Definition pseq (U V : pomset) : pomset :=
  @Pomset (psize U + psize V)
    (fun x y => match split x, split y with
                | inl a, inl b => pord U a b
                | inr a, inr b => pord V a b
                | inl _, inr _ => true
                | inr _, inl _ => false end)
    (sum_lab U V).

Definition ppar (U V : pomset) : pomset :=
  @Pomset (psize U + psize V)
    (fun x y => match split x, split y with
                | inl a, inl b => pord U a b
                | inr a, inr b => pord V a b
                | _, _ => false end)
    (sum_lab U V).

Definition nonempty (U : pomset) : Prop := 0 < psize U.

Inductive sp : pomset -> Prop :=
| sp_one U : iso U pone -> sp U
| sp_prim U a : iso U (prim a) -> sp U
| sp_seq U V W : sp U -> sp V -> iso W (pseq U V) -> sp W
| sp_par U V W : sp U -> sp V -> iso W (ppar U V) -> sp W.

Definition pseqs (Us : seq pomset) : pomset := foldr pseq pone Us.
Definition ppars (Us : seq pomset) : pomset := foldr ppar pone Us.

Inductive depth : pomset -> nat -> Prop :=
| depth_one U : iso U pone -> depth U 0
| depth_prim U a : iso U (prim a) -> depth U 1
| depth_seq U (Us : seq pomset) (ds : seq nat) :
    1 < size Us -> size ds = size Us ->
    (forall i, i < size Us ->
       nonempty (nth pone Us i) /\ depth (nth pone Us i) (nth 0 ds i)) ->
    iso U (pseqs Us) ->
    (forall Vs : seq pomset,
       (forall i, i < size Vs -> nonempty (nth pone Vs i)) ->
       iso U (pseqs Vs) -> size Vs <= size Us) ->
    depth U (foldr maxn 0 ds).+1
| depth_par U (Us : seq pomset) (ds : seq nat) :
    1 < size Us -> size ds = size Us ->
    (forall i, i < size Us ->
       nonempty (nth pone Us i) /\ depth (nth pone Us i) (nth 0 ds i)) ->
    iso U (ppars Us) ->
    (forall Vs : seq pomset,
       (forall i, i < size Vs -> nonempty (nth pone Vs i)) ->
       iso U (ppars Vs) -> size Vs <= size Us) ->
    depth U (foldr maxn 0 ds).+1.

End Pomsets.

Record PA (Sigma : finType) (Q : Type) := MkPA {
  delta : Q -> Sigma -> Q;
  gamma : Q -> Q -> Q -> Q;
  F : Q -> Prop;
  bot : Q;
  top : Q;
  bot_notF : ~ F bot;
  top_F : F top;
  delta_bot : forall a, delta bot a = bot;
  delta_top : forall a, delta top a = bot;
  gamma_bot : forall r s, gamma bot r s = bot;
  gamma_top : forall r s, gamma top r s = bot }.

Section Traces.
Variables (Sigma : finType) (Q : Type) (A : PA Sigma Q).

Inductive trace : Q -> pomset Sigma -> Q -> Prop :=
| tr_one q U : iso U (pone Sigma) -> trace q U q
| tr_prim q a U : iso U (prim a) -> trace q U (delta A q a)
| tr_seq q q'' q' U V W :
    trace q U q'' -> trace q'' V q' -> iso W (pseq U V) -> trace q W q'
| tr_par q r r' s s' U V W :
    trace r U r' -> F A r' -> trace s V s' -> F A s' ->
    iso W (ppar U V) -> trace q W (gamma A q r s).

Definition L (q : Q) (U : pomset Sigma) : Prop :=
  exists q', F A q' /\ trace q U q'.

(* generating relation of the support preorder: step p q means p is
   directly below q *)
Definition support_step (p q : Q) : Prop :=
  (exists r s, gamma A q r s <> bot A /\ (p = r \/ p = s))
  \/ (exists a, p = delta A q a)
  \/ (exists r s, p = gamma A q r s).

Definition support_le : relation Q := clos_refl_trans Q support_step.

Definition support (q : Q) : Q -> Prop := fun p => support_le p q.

» **Task requirements**
Copy out each line of the material above, word for word, from the first down to the line containing "bot_notF : ~ F bot;". Add nothing.

» **Task solution**
Definition pseq (U V : pomset) : pomset :=
  @Pomset (psize U + psize V)
    (fun x y => match split x, split y with
                | inl a, inl b => pord U a b
                | inr a, inr b => pord V a b
                | inl _, inr _ => true
                | inr _, inl _ => false end)
    (sum_lab U V).

Definition ppar (U V : pomset) : pomset :=
  @Pomset (psize U + psize V)
    (fun x y => match split x, split y with
                | inl a, inl b => pord U a b
                | inr a, inr b => pord V a b
                | _, _ => false end)
    (sum_lab U V).

Definition nonempty (U : pomset) : Prop := 0 < psize U.

Inductive sp : pomset -> Prop :=
| sp_one U : iso U pone -> sp U
| sp_prim U a : iso U (prim a) -> sp U
| sp_seq U V W : sp U -> sp V -> iso W (pseq U V) -> sp W
| sp_par U V W : sp U -> sp V -> iso W (ppar U V) -> sp W.

Definition pseqs (Us : seq pomset) : pomset := foldr pseq pone Us.
Definition ppars (Us : seq pomset) : pomset := foldr ppar pone Us.

Inductive depth : pomset -> nat -> Prop :=
| depth_one U : iso U pone -> depth U 0
| depth_prim U a : iso U (prim a) -> depth U 1
| depth_seq U (Us : seq pomset) (ds : seq nat) :
    1 < size Us -> size ds = size Us ->
    (forall i, i < size Us ->
       nonempty (nth pone Us i) /\ depth (nth pone Us i) (nth 0 ds i)) ->
    iso U (pseqs Us) ->
    (forall Vs : seq pomset,
       (forall i, i < size Vs -> nonempty (nth pone Vs i)) ->
       iso U (pseqs Vs) -> size Vs <= size Us) ->
    depth U (foldr maxn 0 ds).+1
| depth_par U (Us : seq pomset) (ds : seq nat) :
    1 < size Us -> size ds = size Us ->
    (forall i, i < size Us ->
       nonempty (nth pone Us i) /\ depth (nth pone Us i) (nth 0 ds i)) ->
    iso U (ppars Us) ->
    (forall Vs : seq pomset,
       (forall i, i < size Vs -> nonempty (nth pone Vs i)) ->
       iso U (ppars Vs) -> size Vs <= size Us) ->
    depth U (foldr maxn 0 ds).+1.

End Pomsets.

Record PA (Sigma : finType) (Q : Type) := MkPA {
  delta : Q -> Sigma -> Q;
  gamma : Q -> Q -> Q -> Q;
  F : Q -> Prop;
  bot : Q;
  top : Q;
  bot_notF : ~ F bot;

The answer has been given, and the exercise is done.